Variables (f phi : C -> C) (a : nat -> C).
Hypothesis ha0 : a 0%nat = 0.
Hypothesis hf : forall z, disk 1 z ->
  is_series (K := C_AbsRing) (V := C_NormedModule) (fun k => a k * cpow z k) (f z).
Hypothesis hphib : forall z, disk 1 z -> (Cmod (phi z) <= 1)%R.
Hypothesis hrel : forall z, disk 1 z ->
  exists df, is_derive (K := C_AbsRing) (V := C_NormedModule) f z df /\
             z * df - f z = / 2 * (z * z) * phi z.

Lemma is_series_half_z2_phi (z : C) : disk 1 z ->
  is_series (K := C_AbsRing) (V := C_NormedModule)
    (fun k => (RtoC (INR k) - 1) * a k * cpow z k) (/ 2 * (z * z) * phi z).
Proof.
  intros Hz.
  destruct (is_derive_power_series a f hf z Hz) as [Dz [HDz Hderiv]].
  destruct (hrel z Hz) as [df [Hdf Hphi]].
  rewrite <- (is_C_derive_unique _ _ _ Hdf), (is_C_derive_unique _ _ _ Hderiv) in Hphi.
  rewrite <- Hphi.
  eapply is_series_ext;
    [|exact (is_series_minus _ _ _ _ (is_series_scal z _ _ HDz) (hf z Hz))].
  intros [|k]; change plus with Cplus; change opp with Copp; change scal with Cmult.
  - simpl. Cring.
  - rewrite Nat.sub_succ, Nat.sub_0_r. change (cpow z (S k)) with (z * cpow z k). Cring.
Qed.

Lemma ex_series_coef_majorant (rho : R) : (0 < rho < 1)%R ->
  ex_series (fun k => Cmod ((RtoC (INR k) - 1) * a k) * rho ^ k)%R.
Proof.
  intros Hrho.
  apply (ex_series_le (K := R_AbsRing) (V := R_CompleteNormedModule) _
           (fun k => rho * (INR k * Cmod (a k) * rho ^ (k - 1)))%R).
  - intros [|j]; change norm with Rabs.
    + rewrite ha0, Cmult_0_r, Cmod_0, Rmult_0_l, Rabs_R0. simpl. lra.
    + rewrite Rabs_pos_eq by (apply Rmult_le_pos; [apply Cmod_ge_0 | apply pow_le; lra]).
      replace (RtoC (INR (S j)) - 1) with (RtoC (INR j)) by (rewrite S_INR, RtoC_plus; ring).
      rewrite Cmod_mult, Cmod_R, Rabs_pos_eq, Nat.sub_succ, Nat.sub_0_r, S_INR by apply pos_INR.
      pose proof (Cmod_ge_0 (a (S j))). pose proof (pow_le rho j ltac:(lra)).
      assert (0 <= rho * Cmod (a (S j)) * rho ^ j)%R by (repeat apply Rmult_le_pos; lra).
      simpl. nra.
  - apply (ex_series_scal (K := R_AbsRing) (V := R_NormedModule)), ex_series_derived_majorant;
      [intros; apply Cmod_ge_0 | lra | exact (CV_radius_ge_1 a f hf)].
Qed.

Lemma Cmod_coef_le (k : nat) : (2 <= k)%nat -> (Cmod (a k) <= / (2 * INR (k - 1)))%R.
Proof.
  intros Hk.
  assert (Hb : forall rho, (0 < rho < 1)%R ->
                 (Cmod ((RtoC (INR k) - 1) * a k) * rho ^ k <= / 2)%R).
  { intros rho Hrho.
    eapply Rle_trans;
      [apply (cauchy_estimate (fun k => (RtoC (INR k) - 1) * a k)
                (fun z => / 2 * (z * z) * phi z) rho (rho ^ 2 / 2));
       [lra | exact (ex_series_coef_majorant rho Hrho) | | ] |].
    - intros z Hz. apply is_series_half_z2_phi. unfold disk. lra.
    - intros z Hz. rewrite !Cmod_mult, Hz, Cmod_inv, Cmod_R, Rabs_pos_eq by (try injection; lra).
      pose proof (hphib z ltac:(unfold disk; lra)). pose proof (Cmod_ge_0 (phi z)).
      simpl. nra.
    - simpl. nra. }
  apply le_of_forall_pow_le in Hb. rewrite Cmod_mult in Hb.
  replace (RtoC (INR k) - 1) with (RtoC (INR (k - 1))) in Hb
    by (rewrite <- (Nat.succ_pred_pos k) at 2 by lia; rewrite S_INR, RtoC_plus, Nat.sub_1_r; ring).
  rewrite Cmod_R, Rabs_pos_eq in Hb by apply pos_INR.
  assert (0 < INR (k - 1))%R by (apply lt_0_INR; lia).
  apply (Rmult_le_reg_l (INR (k - 1))); [assumption|].
  replace (INR (k - 1) * / (2 * INR (k - 1)))%R with (/ 2)%R by (field; lra).
  exact Hb.
Qed.

Lemma Cmod_partial_sum_deriv_lt_1 (rS : R) (n : nat) (z : C) :
  (0 < rS < 1)%R -> ((1 - rS) * ln (1 - rS) + 2 - 3 * rS = 0)%R -> disk rS z ->
  (Cmod (sum_n_m (fun k => RtoC (INR k) * a k * cpow z (k - 1))%C 2 n) < 1)%R.
Proof.
  intros HrS Hroot Hz.
  eapply Rle_lt_trans; [apply (norm_sum_n_m (K := C_AbsRing) (V := C_NormedModule))|].
  change norm with Cmod.
  eapply Rle_lt_trans;
    [|exact (majorant_sum_lt_1 rS (Cmod z) n HrS Hroot (conj (Cmod_ge_0 z) Hz))].
  apply sum_n_m_le_loc. intros k Hk.
  rewrite !Cmod_mult, Cmod_R, Rabs_pos_eq, Cmod_cpow by apply pos_INR.
  pose proof (Cmod_coef_le k ltac:(lia)). pose proof (pos_INR k).
  pose proof (pow_le (Cmod z) (k - 1) (Cmod_ge_0 z)).
  apply Rmult_le_compat_r; [lra|]. apply Rmult_le_compat_l; lra.
Qed.

End CoefficientBound.

(** * Close-to-convexity of the partial sums *)

Lemma is_derive_C_id (z : C) :
  is_derive (K := C_AbsRing) (V := C_NormedModule) (fun w => w) z (RtoC 1).
Proof.
  apply (is_derive_of_quadratic_error _ _ _ 1 0); [lra|]. intros w _.
  replace (w - z - (w - z) * RtoC 1) with (RtoC 0) by ring.
  rewrite Cmod_0. lra.
Qed.

Lemma convex_in_disk_id (r : R) : convex_in_disk r (fun z => z).
Proof.
  split; [|split].
  - intros z _. exists (RtoC 1). apply is_derive_C_id.
  - intros z w _ _ E. exact E.
  - intros z w t Hz Hw Ht. exists (RtoC (1 - t) * z + RtoC t * w). split; [|reflexivity].
    unfold disk in *. eapply Rle_lt_trans; [apply Cmod_triangle|].
    rewrite !Cmod_mult, !Cmod_R, !Rabs_pos_eq by lra.
    destruct (Rle_lt_dec t (1 / 2)).
    + pose proof (Rmult_lt_compat_l (1 - t) _ _ ltac:(lra) Hz).
      pose proof (Rmult_le_compat_l t _ _ ltac:(lra) (Rlt_le _ _ Hw)). nra.
    + pose proof (Rmult_le_compat_l (1 - t) _ _ ltac:(lra) (Rlt_le _ _ Hz)).
      pose proof (Rmult_lt_compat_l t _ _ ltac:(lra) Hw). nra.
Qed.

Lemma close_to_convex_of_Re_deriv_pos (r : R) (g : C -> C) :
  (forall z, disk r z -> exists dg : C,
     is_derive (K := C_AbsRing) (V := C_NormedModule) g z dg /\ (0 < Re dg)%R) ->
  close_to_convex_in_disk r g.
Proof.
  intros Hg. exists (fun z => z). split; [apply convex_in_disk_id|].
  intros z Hz. destruct (Hg z Hz) as [dg [Hdg Hre]].
  exists dg, (RtoC 1). split; [exact Hdg|]. split; [apply is_derive_C_id|].
  replace (dg / RtoC 1) with dg; [exact Hre|]. field.
Qed.

Lemma is_derive_partial_sum (a : nat -> C) (n : nat) (z : C) :
  is_derive (K := C_AbsRing) (V := C_NormedModule) (partial_sum a n) z
    (RtoC 1 + sum_n_m (fun k => RtoC (INR k) * a k * cpow z (k - 1)) 2 n).
Proof.
  apply (is_derive_plus (K := C_AbsRing) (V := C_NormedModule) (fun w => w));
    [apply is_derive_C_id | apply is_derive_cpoly].
Qed.

Lemma Re_1_plus_pos (s : C) : (Cmod s < 1)%R -> (0 < Re (RtoC 1 + s))%R.
Proof.
  intros Hs. pose proof (re_le_Cmod s) as Hre.
  change (Re (RtoC 1 + s)) with (1 + Re s)%R.
  pose proof (Rabs_Ropp (Re s)). pose proof (Rle_abs (- Re s)). lra.
Qed.

Theorem theorem2p3
  (f phi : C -> C) (a : nat -> C) (rS : R)
  (* f(z) = z + sum_{k>=2} a_k z^k, analytic in the unit disk *)
  (ha0 : a 0%nat = 0) (ha1 : a 1%nat = 1)
  (hf : forall z : C, disk 1 z ->
          is_series (K := C_AbsRing) (V := C_NormedModule)
            (fun k => a k * pow_n (K := C_Ring) z k) (f z))
  (* phi analytic in the unit disk with |phi| <= 1 *)
  (hphi : analytic_on_disk 1 phi)
  (hphib : forall z : C, disk 1 z -> (Cmod (phi z) <= 1)%R)
  (* z f'(z) - f(z) = (1/2) z^2 phi(z) in the unit disk *)
  (hrel : forall z : C, disk 1 z ->
            exists df : C,
              is_derive (K := C_AbsRing) (V := C_NormedModule) f z df /\
              z * df - f z = / 2 * (z * z) * phi z)
  (* r_S : the root in (0,1) of (1-r) ln(1-r) + 2 - 3r = 0 *)
  (hrS : (0 < rS < 1)%R)
  (hrSeq : ((1 - rS) * ln (1 - rS) + 2 - 3 * rS = 0)%R) :
  forall n : nat, (2 <= n)%nat ->
    close_to_convex_in_disk rS (partial_sum a n).
Proof.
  intros n _. apply close_to_convex_of_Re_deriv_pos. intros z Hz.
  eexists. split; [apply is_derive_partial_sum|].
  apply Re_1_plus_pos, (Cmod_partial_sum_deriv_lt_1 f phi a ha0 hf hphib hrel rS); assumption.
Qed.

▶ _What you will do_: Write down exactly every line of the material above up to and including the line containing "replace (RtoC (INR (S".

▶ _Solution for this problem_:
Variables (f phi : C -> C) (a : nat -> C).
Hypothesis ha0 : a 0%nat = 0.
Hypothesis hf : forall z, disk 1 z ->
  is_series (K := C_AbsRing) (V := C_NormedModule) (fun k => a k * cpow z k) (f z).
Hypothesis hphib : forall z, disk 1 z -> (Cmod (phi z) <= 1)%R.
Hypothesis hrel : forall z, disk 1 z ->
  exists df, is_derive (K := C_AbsRing) (V := C_NormedModule) f z df /\
             z * df - f z = / 2 * (z * z) * phi z.

Lemma is_series_half_z2_phi (z : C) : disk 1 z ->
  is_series (K := C_AbsRing) (V := C_NormedModule)
    (fun k => (RtoC (INR k) - 1) * a k * cpow z k) (/ 2 * (z * z) * phi z).
Proof.
  intros Hz.
  destruct (is_derive_power_series a f hf z Hz) as [Dz [HDz Hderiv]].
  destruct (hrel z Hz) as [df [Hdf Hphi]].
  rewrite <- (is_C_derive_unique _ _ _ Hdf), (is_C_derive_unique _ _ _ Hderiv) in Hphi.
  rewrite <- Hphi.
  eapply is_series_ext;
    [|exact (is_series_minus _ _ _ _ (is_series_scal z _ _ HDz) (hf z Hz))].
  intros [|k]; change plus with Cplus; change opp with Copp; change scal with Cmult.
  - simpl. Cring.
  - rewrite Nat.sub_succ, Nat.sub_0_r. change (cpow z (S k)) with (z * cpow z k). Cring.
Qed.

Lemma ex_series_coef_majorant (rho : R) : (0 < rho < 1)%R ->
  ex_series (fun k => Cmod ((RtoC (INR k) - 1) * a k) * rho ^ k)%R.
Proof.
  intros Hrho.
  apply (ex_series_le (K := R_AbsRing) (V := R_CompleteNormedModule) _
           (fun k => rho * (INR k * Cmod (a k) * rho ^ (k - 1)))%R).
  - intros [|j]; change norm with Rabs.
    + rewrite ha0, Cmult_0_r, Cmod_0, Rmult_0_l, Rabs_R0. simpl. lra.
    + rewrite Rabs_pos_eq by (apply Rmult_le_pos; [apply Cmod_ge_0 | apply pow_le; lra]).
      replace (RtoC (INR (S j)) - 1) with (RtoC (INR j)) by (rewrite S_INR, RtoC_plus; ring).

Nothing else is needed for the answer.